EXERCISE
From the data below, copy exactly the lines that lie between the one holding "subty T1 T2 ->" and the one holding "(* Usage decrement", including both, and nothing more.

* * *

(* Let $\Sigma$ be a finite set of tgds over a schema $\mathbf R$, and let $\widetilde\Sigma=\{\tilde\xi:\xi\in\Sigma\}$ be its semi-enrichment, where for $\xi=\alpha(\bar x,\bar y)\rightarrow\exists\bar z\,\beta(\bar x,\bar z)$ we set $\tilde\xi=\alpha(\bar x,\bar y)\rightarrow\exists\bar z\,\beta(\bar x,\bar z),H(\bar x)$ with $H$ a new relation symbol not in $\mathbf R$. Then $\Sigma\in\mathsf{CT}^{\mathsf{sobl}}_{\forall\forall}$ if and only if $\widetilde\Sigma\in\mathsf{CT}^{\mathsf{std}}_{\forall\forall}$.
   Context: In a tgd $\alpha(\bar x,\bar y)\rightarrow\exists\bar z\,\beta(\bar x,\bar z)$, $\bar x$ are the variables occurring in both body and head. Instances are finite sets of atoms over constants and nulls. A trigger for tgd $\xi$ on $I$ is $(\xi,h)$ with $h(\alpha)\subseteq I$; it is active if no extension $h'$ of $h$ has $h'(\beta)\subseteq I$; firing it adds $h'(\beta)$ with $h'$ extending $h$ by fresh nulls. A standard chase sequence fires only active triggers; a semi-oblivious chase sequence fires any triggers but never two triggers $(\xi,h),(\xi,g)$ of the same tgd with $h(\bar x)=g(\bar x)$. Infinite sequences are assumed fair; a sequence terminates if it is finite and no further step of the variant is possible. $\mathsf{CT}^{\star}_{\forall\forall}$ is the class of finite tgd sets $\Sigma$ such that for every instance all $\star$-chase sequences with $\Sigma$ terminate. *)

From Stdlib Require Import List Arith.
Import ListNotations.

Inductive Term : Type := Const (c : nat) | Null (n : nat).

(* Relation symbols: the schema R consists of the symbols [RBase r];
   [RH i] is a fresh symbol (not in R), used as the new symbol H of the
   semi-enrichment of the i-th tgd. *)
Inductive RSym : Type := RBase (r : nat) | RH (i : nat).

Record Atom : Type := mkAtom { arel : RSym; aargs : list Term }.

(* A (finite) instance: a finite set of atoms, represented by a list
   (only membership [In] is ever used). *)
Definition Instance := list Atom.

Record VAtom : Type := mkVAtom { vrel : RSym; vargs : list nat }.

Record TGD : Type := mkTGD { body : list VAtom; head : list VAtom }.

Definition body_vars (xi : TGD) : list nat := flat_map vargs (body xi).
Definition head_vars (xi : TGD) : list nat := flat_map vargs (head xi).

Definition frontier (xi : TGD) : list nat :=
  nodup Nat.eq_dec
    (filter (fun x => existsb (Nat.eqb x) (head_vars xi)) (body_vars xi)).

Definition inst (h : nat -> Term) (a : VAtom) : Atom :=
  mkAtom (vrel a) (map h (vargs a)).

Definition over_R (xi : TGD) : Prop :=
  (forall a, In a (body xi) -> exists r, vrel a = RBase r) /\
  (forall a, In a (head xi) -> exists r, vrel a = RBase r).

Definition enrich_tgd (i : nat) (xi : TGD) : TGD :=
  mkTGD (body xi) (head xi ++ [mkVAtom (RH i) (frontier xi)]).

Fixpoint enrich_aux (i : nat) (L : list TGD) : list TGD :=
  match L with
  | [] => []
  | xi :: L' => enrich_tgd i xi :: enrich_aux (Datatypes.S i) L'
  end.

Definition semi_enrichment (Sigma : list TGD) : list TGD := enrich_aux 0 Sigma.

Definition Trigger : Type := (nat * (nat -> Term))%type.

Definition hom_body (xi : TGD) (I : Instance) (h : nat -> Term) : Prop :=
  forall a, In a (body xi) -> In (inst h a) I.

Definition extends_on (xi : TGD) (h' h : nat -> Term) : Prop :=
  forall x, In x (body_vars xi) -> h' x = h x.

Definition satisfied_ext (xi : TGD) (I : Instance) (h : nat -> Term) : Prop :=
  exists h', extends_on xi h' h /\ (forall a, In a (head xi) -> In (inst h' a) I).

Definition null_in (n : nat) (I : Instance) : Prop :=
  exists a, In a I /\ In (Null n) (aargs a).

Definition existential (xi : TGD) (z : nat) : Prop :=
  In z (head_vars xi) /\ ~ In z (body_vars xi).

Definition fires (xi : TGD) (I : Instance) (h : nat -> Term) (J : Instance) : Prop :=
  exists h', extends_on xi h' h /\
    (forall z, existential xi z -> exists n, h' z = Null n /\ ~ null_in n I) /\
    (forall z1 z2, existential xi z1 -> existential xi z2 -> h' z1 = h' z2 -> z1 = z2) /\
    J = I ++ map (inst h') (head xi).
(* Let $n\geq 2$ and let $G$ be a group of type $MC(n)$. Then for every homomorphism $\psi$ from $G$ to the group of orientation-preserving $C^2$ diffeomorphisms of a compact interval $I$, the image $\psi(G)$ is abelian.
   Context: A group $G$ is of type $MC(n)$ if it is nonabelian and has a generating set $\{a_i,b_i\}_{i=1}^n\cup\{c_j\}_{j=1}^{n-1}$ satisfying: (1) $a_ia_j=a_ja_i$, $b_ib_j=b_jb_i$, $c_ic_j=c_jc_i$, $a_ic_j=c_ja_i$ for all $i,j$; (2) $a_ib_j=b_ja_i$ if $i\neq j$; (3) $b_ic_j=c_jb_i$ if $j\neq i,i-1$; (4) $a_ib_ia_i=b_ia_ib_i$ for $1\le i\le n$, and $b_ic_jb_i=c_jb_ic_j$ whenever $j=i$ or $j=i-1$. *)

From Stdlib Require Import Reals.
From Coquelicot Require Import Coquelicot.
Open Scope R_scope.

Definition is_group {G : Type} (mul : G -> G -> G) (inv : G -> G) (e : G) : Prop :=
  (forall x y z, mul x (mul y z) = mul (mul x y) z) /\
  (forall x, mul e x = x) /\ (forall x, mul x e = x) /\
  (forall x, mul (inv x) x = e) /\ (forall x, mul x (inv x) = e).

Inductive in_gen {G : Type} (mul : G -> G -> G) (inv : G -> G) (e : G)
  (S : G -> Prop) : G -> Prop :=
| gen_base : forall x, S x -> in_gen mul inv e S x
| gen_one : in_gen mul inv e S e
| gen_mul : forall x y, in_gen mul inv e S x -> in_gen mul inv e S y ->
    in_gen mul inv e S (mul x y)
| gen_inv : forall x, in_gen mul inv e S x -> in_gen mul inv e S (inv x).

Definition MC {G : Type} (mul : G -> G -> G) (inv : G -> G) (e : G) (n : nat) : Prop :=
  (exists x y : G, mul x y <> mul y x) /\
  exists a b c : nat -> G,
    (forall g, in_gen mul inv e
       (fun x => (exists i, (1 <= i <= n)%nat /\ (x = a i \/ x = b i)) \/
                 (exists j, (1 <= j <= n - 1)%nat /\ x = c j)) g) /\
    (forall i j, (1 <= i <= n)%nat -> (1 <= j <= n)%nat ->
       mul (a i) (a j) = mul (a j) (a i) /\ mul (b i) (b j) = mul (b j) (b i)) /\
    (forall i j, (1 <= i <= n - 1)%nat -> (1 <= j <= n - 1)%nat ->
       mul (c i) (c j) = mul (c j) (c i)) /\
    (forall i j, (1 <= i <= n)%nat -> (1 <= j <= n - 1)%nat ->
       mul (a i) (c j) = mul (c j) (a i)) /\
    (forall i j, (1 <= i <= n)%nat -> (1 <= j <= n)%nat -> i <> j ->
       mul (a i) (b j) = mul (b j) (a i)) /\
    (forall i j, (1 <= i <= n)%nat -> (1 <= j <= n - 1)%nat ->
       j <> i -> j <> (i - 1)%nat ->
       mul (b i) (c j) = mul (c j) (b i)) /\
    (forall i, (1 <= i <= n)%nat ->
       mul (a i) (mul (b i) (a i)) = mul (b i) (mul (a i) (b i))) /\
    (forall i j, (1 <= i <= n)%nat -> (1 <= j <= n - 1)%nat ->
       (j = i \/ j = (i - 1)%nat) ->
       mul (b i) (mul (c j) (b i)) = mul (c j) (mul (b i) (c j))).
(* One environment transformation (structural rule read conclusion->premise). *)
Inductive env_step {I : Type} : env I -> env I -> Prop :=
| es_perm : forall G D, Permutation G D -> env_step G D
| es_contr : forall G u T T1 T2, tsplit T T1 T2 ->
    env_step ((u, T) :: G) ((u, T1) :: (u, T2) :: G)
| es_weak : forall G u T, env_step ((u, T) :: G) G
| es_sub : forall G u T1 T2, subty T1 T2 ->
    env_step ((u, T1) :: G) ((u, T2) :: G)
| es_rev : forall G u Ts1 Ts2,
    env_step ((u, TChan Ts1 (Bullet 0)) :: G) ((u, TChan Ts2 (Bullet 0)) :: G).

Definition derivable {I : Type} (G D : env I) : Prop :=
  clos_refl_trans (env I) env_step G D.

Definition partial_fun {I : Type} (G : env I) : Prop := NoDup (map fst G).

Definition consistent {I : Type} (D : env I) : Prop :=
  exists G, partial_fun G /\ derivable G D.

(* Usage decrement of an attribute: None = undefined (a = bullet_0);
   Some None = the assumption disappears (a = aff);
   Some (Some a') = the assumption becomes [T]^{a'}. *)
Definition attr_dec (a : attr) : option (option attr) :=
  match a with
  | Aff => Some None
  | Un => Some (Some Un)
  | Bullet 0 => None
  | Bullet (S i) => Some (Some (Bullet i))
  end.

Definition ext_dec {I : Type} (G : env I) (u : I) (Ts : list ty)
  (o : option attr) : env I :=
  match o with
  | None => G
  | Some a => G ++ [(u, TChan Ts a)]
  end.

* * *

EXERCISE RESULT
| es_sub : forall G u T1 T2, subty T1 T2 ->
    env_step ((u, T1) :: G) ((u, T2) :: G)
| es_rev : forall G u Ts1 Ts2,
    env_step ((u, TChan Ts1 (Bullet 0)) :: G) ((u, TChan Ts2 (Bullet 0)) :: G).

Definition derivable {I : Type} (G D : env I) : Prop :=
  clos_refl_trans (env I) env_step G D.

Definition partial_fun {I : Type} (G : env I) : Prop := NoDup (map fst G).

Definition consistent {I : Type} (D : env I) : Prop :=
  exists G, partial_fun G /\ derivable G D.

(* Usage decrement of an attribute: None = undefined (a = bullet_0);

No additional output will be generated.